**Collected data entries**.
------------------------------------------------------------------------

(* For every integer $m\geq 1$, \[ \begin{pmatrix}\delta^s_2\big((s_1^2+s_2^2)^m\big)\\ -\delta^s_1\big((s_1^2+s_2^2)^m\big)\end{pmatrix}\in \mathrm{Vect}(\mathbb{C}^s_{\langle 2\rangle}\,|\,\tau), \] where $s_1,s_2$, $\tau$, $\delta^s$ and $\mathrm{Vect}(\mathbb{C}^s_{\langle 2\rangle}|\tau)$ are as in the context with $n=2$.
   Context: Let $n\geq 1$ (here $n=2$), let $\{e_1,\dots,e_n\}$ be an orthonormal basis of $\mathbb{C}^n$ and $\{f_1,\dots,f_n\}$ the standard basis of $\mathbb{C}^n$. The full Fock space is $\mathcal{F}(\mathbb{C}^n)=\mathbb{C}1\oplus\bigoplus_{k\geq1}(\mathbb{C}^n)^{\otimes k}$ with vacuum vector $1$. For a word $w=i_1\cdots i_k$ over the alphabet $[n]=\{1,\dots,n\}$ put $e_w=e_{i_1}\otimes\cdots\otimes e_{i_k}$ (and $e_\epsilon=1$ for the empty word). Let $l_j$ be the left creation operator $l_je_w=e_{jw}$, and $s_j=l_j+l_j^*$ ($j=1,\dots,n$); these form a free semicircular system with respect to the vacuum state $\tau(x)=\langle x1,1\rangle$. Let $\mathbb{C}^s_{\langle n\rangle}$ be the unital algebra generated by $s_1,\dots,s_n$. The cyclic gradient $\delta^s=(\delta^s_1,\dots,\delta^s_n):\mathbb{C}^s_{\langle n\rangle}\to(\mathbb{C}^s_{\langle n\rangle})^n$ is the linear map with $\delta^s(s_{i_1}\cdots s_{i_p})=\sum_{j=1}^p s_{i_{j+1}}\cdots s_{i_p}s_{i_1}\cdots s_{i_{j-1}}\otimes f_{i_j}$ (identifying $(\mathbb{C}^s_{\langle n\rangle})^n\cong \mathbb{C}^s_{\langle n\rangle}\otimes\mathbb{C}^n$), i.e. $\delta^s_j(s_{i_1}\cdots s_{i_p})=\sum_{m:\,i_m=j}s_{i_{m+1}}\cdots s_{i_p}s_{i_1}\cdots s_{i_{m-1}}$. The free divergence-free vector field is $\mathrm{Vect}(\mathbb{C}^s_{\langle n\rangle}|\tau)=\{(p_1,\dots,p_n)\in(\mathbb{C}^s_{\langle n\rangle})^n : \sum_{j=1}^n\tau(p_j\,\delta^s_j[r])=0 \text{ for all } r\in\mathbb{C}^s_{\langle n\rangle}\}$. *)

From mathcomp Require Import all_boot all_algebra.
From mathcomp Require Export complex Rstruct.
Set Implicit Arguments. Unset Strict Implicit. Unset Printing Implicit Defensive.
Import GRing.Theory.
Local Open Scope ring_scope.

------------------------------------------------------------------------

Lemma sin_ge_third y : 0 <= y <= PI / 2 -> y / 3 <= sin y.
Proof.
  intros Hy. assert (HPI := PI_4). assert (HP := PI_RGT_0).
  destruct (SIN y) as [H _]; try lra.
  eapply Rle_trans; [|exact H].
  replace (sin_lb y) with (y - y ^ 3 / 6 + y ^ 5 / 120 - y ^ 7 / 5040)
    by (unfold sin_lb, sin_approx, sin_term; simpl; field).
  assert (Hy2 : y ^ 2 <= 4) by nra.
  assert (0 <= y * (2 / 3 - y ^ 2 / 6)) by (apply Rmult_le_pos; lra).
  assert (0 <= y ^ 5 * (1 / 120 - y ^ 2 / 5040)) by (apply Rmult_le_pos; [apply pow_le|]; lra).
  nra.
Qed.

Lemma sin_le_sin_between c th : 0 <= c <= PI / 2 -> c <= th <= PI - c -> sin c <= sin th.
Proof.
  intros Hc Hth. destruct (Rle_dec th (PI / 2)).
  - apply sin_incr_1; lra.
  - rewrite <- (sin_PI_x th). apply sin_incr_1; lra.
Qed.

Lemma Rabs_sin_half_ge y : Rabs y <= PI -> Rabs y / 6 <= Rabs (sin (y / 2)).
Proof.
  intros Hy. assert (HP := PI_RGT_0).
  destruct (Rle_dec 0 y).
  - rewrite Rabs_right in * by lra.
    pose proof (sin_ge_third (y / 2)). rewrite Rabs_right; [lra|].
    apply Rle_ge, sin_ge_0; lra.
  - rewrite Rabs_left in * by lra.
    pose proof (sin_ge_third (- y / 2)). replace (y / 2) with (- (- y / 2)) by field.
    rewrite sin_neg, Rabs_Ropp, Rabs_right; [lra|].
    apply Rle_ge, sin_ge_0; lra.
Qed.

------------------------------------------------------------------------

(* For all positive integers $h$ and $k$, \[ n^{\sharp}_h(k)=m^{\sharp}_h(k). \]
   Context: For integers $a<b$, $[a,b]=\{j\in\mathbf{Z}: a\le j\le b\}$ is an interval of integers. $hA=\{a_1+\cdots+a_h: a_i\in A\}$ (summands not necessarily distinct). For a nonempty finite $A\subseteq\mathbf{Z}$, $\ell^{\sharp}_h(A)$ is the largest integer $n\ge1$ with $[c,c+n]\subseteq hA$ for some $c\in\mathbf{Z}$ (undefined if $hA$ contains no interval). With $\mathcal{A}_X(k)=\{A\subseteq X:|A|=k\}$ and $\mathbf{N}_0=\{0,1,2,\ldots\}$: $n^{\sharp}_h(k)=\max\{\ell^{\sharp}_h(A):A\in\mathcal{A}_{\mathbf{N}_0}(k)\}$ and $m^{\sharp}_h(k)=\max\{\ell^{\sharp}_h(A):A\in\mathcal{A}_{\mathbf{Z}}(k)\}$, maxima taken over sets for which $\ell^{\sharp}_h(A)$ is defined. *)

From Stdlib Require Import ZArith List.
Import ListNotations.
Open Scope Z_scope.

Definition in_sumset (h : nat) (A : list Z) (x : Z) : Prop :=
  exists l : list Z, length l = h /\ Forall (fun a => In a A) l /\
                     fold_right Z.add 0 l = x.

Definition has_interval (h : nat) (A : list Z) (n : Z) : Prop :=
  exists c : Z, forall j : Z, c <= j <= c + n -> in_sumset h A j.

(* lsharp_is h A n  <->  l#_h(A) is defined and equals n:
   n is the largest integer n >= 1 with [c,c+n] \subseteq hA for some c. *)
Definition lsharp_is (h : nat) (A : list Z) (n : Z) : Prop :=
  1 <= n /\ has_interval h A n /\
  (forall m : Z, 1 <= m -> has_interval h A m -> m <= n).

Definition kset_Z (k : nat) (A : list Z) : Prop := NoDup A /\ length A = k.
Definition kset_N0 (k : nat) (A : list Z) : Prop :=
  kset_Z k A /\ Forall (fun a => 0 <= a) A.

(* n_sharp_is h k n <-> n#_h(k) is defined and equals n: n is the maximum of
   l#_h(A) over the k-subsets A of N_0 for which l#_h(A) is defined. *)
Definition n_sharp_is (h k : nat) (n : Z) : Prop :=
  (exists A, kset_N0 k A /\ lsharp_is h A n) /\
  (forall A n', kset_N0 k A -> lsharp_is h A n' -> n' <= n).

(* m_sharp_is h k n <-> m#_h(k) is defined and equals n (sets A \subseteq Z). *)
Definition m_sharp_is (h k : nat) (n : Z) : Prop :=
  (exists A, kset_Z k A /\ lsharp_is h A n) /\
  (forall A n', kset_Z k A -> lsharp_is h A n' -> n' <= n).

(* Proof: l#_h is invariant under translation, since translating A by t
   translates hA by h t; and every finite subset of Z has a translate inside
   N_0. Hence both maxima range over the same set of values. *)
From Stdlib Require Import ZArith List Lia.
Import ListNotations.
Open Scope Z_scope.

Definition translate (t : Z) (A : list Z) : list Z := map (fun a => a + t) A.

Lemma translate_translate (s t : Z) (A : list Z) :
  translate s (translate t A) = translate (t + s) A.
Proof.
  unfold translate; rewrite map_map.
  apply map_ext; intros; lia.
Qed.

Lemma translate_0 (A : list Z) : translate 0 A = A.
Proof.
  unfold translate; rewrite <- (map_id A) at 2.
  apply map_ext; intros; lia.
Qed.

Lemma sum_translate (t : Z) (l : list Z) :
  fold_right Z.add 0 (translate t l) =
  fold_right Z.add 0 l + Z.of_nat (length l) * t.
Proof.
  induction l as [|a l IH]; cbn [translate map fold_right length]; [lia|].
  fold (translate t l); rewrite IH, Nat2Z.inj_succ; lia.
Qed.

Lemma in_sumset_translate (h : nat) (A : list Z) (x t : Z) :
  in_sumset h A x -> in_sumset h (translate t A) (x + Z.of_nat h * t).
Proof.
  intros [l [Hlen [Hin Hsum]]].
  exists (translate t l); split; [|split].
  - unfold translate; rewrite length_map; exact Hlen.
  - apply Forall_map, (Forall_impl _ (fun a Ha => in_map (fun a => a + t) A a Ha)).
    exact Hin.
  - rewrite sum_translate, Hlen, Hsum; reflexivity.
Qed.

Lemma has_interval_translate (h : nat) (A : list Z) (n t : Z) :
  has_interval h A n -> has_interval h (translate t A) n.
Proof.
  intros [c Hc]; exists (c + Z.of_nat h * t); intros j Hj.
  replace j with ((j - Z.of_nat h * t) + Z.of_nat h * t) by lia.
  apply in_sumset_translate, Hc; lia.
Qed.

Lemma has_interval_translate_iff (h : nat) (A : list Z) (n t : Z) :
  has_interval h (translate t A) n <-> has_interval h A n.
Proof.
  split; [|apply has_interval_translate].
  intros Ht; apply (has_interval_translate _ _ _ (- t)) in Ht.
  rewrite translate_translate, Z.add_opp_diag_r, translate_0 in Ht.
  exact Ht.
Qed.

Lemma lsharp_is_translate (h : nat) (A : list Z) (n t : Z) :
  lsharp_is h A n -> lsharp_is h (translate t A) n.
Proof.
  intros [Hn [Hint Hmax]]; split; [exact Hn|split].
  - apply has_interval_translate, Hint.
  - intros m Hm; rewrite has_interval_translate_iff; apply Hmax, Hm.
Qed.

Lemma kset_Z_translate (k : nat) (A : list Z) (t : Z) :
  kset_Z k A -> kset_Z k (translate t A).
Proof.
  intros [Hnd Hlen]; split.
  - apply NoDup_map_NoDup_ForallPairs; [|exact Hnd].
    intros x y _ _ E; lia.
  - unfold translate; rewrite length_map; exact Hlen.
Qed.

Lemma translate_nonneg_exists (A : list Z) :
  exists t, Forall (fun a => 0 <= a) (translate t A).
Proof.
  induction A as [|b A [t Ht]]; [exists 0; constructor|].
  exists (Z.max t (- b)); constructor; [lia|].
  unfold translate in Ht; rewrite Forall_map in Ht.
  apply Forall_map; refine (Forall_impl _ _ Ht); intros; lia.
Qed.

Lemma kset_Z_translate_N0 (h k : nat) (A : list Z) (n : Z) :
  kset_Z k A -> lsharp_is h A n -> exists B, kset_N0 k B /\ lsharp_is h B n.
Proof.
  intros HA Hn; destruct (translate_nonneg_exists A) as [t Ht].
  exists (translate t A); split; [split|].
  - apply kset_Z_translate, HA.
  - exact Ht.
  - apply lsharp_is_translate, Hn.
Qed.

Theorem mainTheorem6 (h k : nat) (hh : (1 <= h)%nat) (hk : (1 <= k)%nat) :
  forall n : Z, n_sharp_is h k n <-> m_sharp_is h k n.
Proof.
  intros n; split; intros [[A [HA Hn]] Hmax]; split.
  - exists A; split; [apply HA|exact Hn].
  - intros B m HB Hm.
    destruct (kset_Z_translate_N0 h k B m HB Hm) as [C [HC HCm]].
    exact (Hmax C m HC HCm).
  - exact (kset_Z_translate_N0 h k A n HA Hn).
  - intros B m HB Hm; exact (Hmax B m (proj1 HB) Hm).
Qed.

------------------------------------------------------------------------

**Your goal**. In the records above, locate every line with the string "Require" and copy it.

**Your response**.
From mathcomp Require Import all_boot all_algebra.
From mathcomp Require Export complex Rstruct.
From Stdlib Require Import ZArith List.
From Stdlib Require Import ZArith List Lia.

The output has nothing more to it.